Version-Release number of selected component (if applicable):
registry.ci.openshift.org/ocp/release:4.8.0-0.nightly-2021-07-24-211147 

How reproducible:
flake

Actual results:
operator not ready/container did not start

Expected results:
container should start

Additional Info:
starting w/ node team since it's a container failed to start issue.

Comment 1 Sascha Grunert 2021-08-11 08:16:43 UTC
Looking into the journal logs of the node: https://gcsweb-ci.apps.ci.l2s4.p1.openshiftapps.com/gcs/origin-ci-test/logs/periodic-ci-openshift-release-master-nightly-4.8-e2e-aws-canary/1420224114823532544/artifacts/e2e-aws-canary/gather-extra/artifacts/nodes/ip-10-0-143-174.us-west-2.compute.internal/journal

Some observations:
- It looks like that the kube-scheduler installer probe failed directly after its creation (L5587): 

> Jul 28 03:42:33.469429 ip-10-0-143-174 hyperkube[1366]: I0728 03:42:33.469398    1366 prober.go:116] "Probe failed" probeType="Readiness" pod="openshift-etcd/etcd-quorum-guard-6c9f5857b6-v85sf" podUID=8b444fb5-c23f-4fc3-96f6-5e1dacce567e containerName="guard" probeResult=failure output=""

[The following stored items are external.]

(* Let [s] be the supremum of the points of [[0, a]] reached from [0]; local
   slopes at [s] reach [s] and, unless [s] is close to [a], go beyond it. *)
Lemma slope_in_interval (c : R -> Y) a : 0 <= a ->
  (forall s, 0 <= s -> s <= a ->
     \forall h \near (0 : R)^', B (h^-1 *: (c (s + h) - c s))) ->
  slope_in c 0 a.
Proof.
move=> a0 Hloc.
pose A := [set x : R | [/\ 0 <= x, x <= a & slope_in c 0 x]].
have hsA : has_sup A by split; [exists 0; split=> //; apply: slope_in_refl | exists a => x []].
set s := sup A; have sE : s = sup A by []; clearbody s.
have s0 : 0 <= s by rewrite sE; apply: sup_upper_bound => //; split=> //; apply: slope_in_refl.
have sa : s <= a.
  by rewrite sE; apply: ge_sup; [exists 0; split=> //; apply: slope_in_refl | move=> x []].
have [d d0 Hd] := slope_in_near (Hloc s s0 sa).
have [x [x0 xa Px] sx] := sup_adherent d0 hsA; rewrite -sE in sx.
have xs : x <= s by rewrite sE; apply: sup_upper_bound.
have [_ Pxs] := Hd (s - x) ltac:(lra) ltac:(lra).
rewrite opprB addrC subrK in Pxs.
have Ps : slope_in c 0 s := slope_in_trans x0 xs Px Pxs.
have [ad|da] := lerP a (s + d / 2).
  have [Psa _] := Hd (a - s) ltac:(lra) ltac:(lra).
  by rewrite addrC subrK in Psa; exact: slope_in_trans s0 sa Ps Psa.
have [Psd _] := Hd (d / 2) ltac:(lra) ltac:(lra).
have : A (s + d / 2) by split; [lra | lra | apply: slope_in_trans s0 _ Ps Psd; lra].
by move/(sup_upper_bound hsA); rewrite -sE; lra.
Qed.

Lemma mean_value_incl (c : R -> Y) (t : R) :
  (forall s, `|s| <= `|t| -> \forall h \near (0 : R)^', B (h^-1 *: (c (s + h) - c s))) ->
  exists2 w, B w & c t - c 0 = t *: w.
Proof.
move=> Hloc; have [t0|t0] := leP 0 t.
  have [|w Bw e] := @slope_in_interval c t t0; last by exists w; rewrite // e subr0.
  by move=> s s0 st; apply: Hloc; rewrite !ger0_norm.
have [||w Bw e] := @slope_in_interval (fun s => c (- s)) (- t).
- by rewrite oppr_ge0 ltW.
- move=> s s0 st; have := Hloc (- s).
  rewrite normrN ger0_norm // ltr0_norm // => /(_ st) /near0P [d d0 Hd].
  apply/near0P; exists d => // h h0 hd; rewrite opprD.
  have := Hd (- h); rewrite oppr_eq0 normrN => /(_ h0 hd) /B_sym.
  by rewrite invrN scaleNr opprK.
- exists (- w); first exact: B_sym.
  by move: e; rewrite oppr0 opprK addr0 => ->; rewrite scaleNr scalerN.
Qed.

This results in an immediate "SyncLoop DELETE" of the installer.
CRI-O seems to remove the infra container multiple times in a row:

> Jul 28 03:42:34.902115 ip-10-0-143-174 crio[1311]: time="2021-07-28 03:42:34.902074309Z" level=info msg="RunSandbox: removing infra container 2eee3d5bb235f89a26336f5fccafdff2cb242e619ce01fee1a0fceeafc75828b" id=a4bbd088-7af3-4e46-a475-3e544adb0afd name=/runtime.v1alpha2.RuntimeService/RunPodSandbox

There seems to be a cleanup issue, because from that point on hyperkube will complain that it's not able to remove the cgroup:

> Jul 28 03:42:35.225518 ip-10-0-143-174 hyperkube[1366]: time="2021-07-28T03:42:35Z" level=error msg="Failed to remove cgroup" error="rmdir /sys/fs/cgroup/blkio/kubepods.slice/kubepods-podf063da52_e315_4b0c_86a4_02b9e8163785.slice/crio-2eee3d5bb235f89a26336f5fccafdff2cb242e619ce01fee1a0fceeafc75828b.scope: device or resource busy"
> Jul 28 03:42:35.225689 ip-10-0-143-174 hyperkube[1366]: time="2021-07-28T03:42:35Z" level=error msg="Failed to remove cgroup" error="rmdir /sys/fs/cgroup/net_cls,net_prio/kubepods.slice/kubepods-podf063da52_e315_4b0c_86a4_02b9e8163785.slice/crio-2eee3d5bb235f89a26336f5fccafdff2cb242e619ce01fee1a0fceeafc75828b.scope: device or resource busy"
> Jul 28 03:42:35.225786 ip-10-0-143-174 hyperkube[1366]: time="2021-07-28T03:42:35Z" level=error msg="Failed to remove cgroup" error="rmdir /sys/fs/cgroup/perf_event/kubepods.slice/kubepods-podf063da52_e315_4b0c_86a4_02b9e8163785.slice/crio-2eee3d5bb235f89a26336f5fccafdff2cb242e619ce01fee1a0fceeafc75828b.scope: device or resource busy"


Ben, can we enable `log_level = "debug"` for CRI-O and re-run the test until such a flake occurs? I think we have to make sure that the resource cleanup is not an issue here.

Comment 2 Sascha Grunert 2021-08-11 09:00:51 UTC
Ah and please increase the kubelet verbosity to --v=4, too. Thank you!

Comment 3 Ben Parees 2021-08-11 15:18:20 UTC
This came from CI, it's not a cluster i can set options on.  But you can definitely create a PR that makes the debug changes you want and run tests against that PR(you don't have to merge it) to get the debug you need.  If you need multiple PRs (different repos) you can also use cluster-bot to run tests across a payload that incorporates multiple PRs.

Comment 4 Sascha Grunert 2021-08-12 08:15:53 UTC
Another rough guess is that the recent runc changes may fix the issues. We should check if the issue still occurs with 4.9 / runc 1.0.2 (not released yet).

Ref:
- https://github.com/opencontainers/runc/issues/3149
- https://github.com/opencontainers/runc/pull/3143
- https://github.com/kubernetes/kubernetes/issues/104280

Comment 5 Sascha Grunert 2021-09-06 10:38:48 UTC
Upstream patch for 1.21/4.8 got merged a few days ago: https://github.com/kubernetes/kubernetes/pull/104530

Kubernetes 1.21.5 is planned for 2021-09-15. After that we should get the patch into OpenShift as well.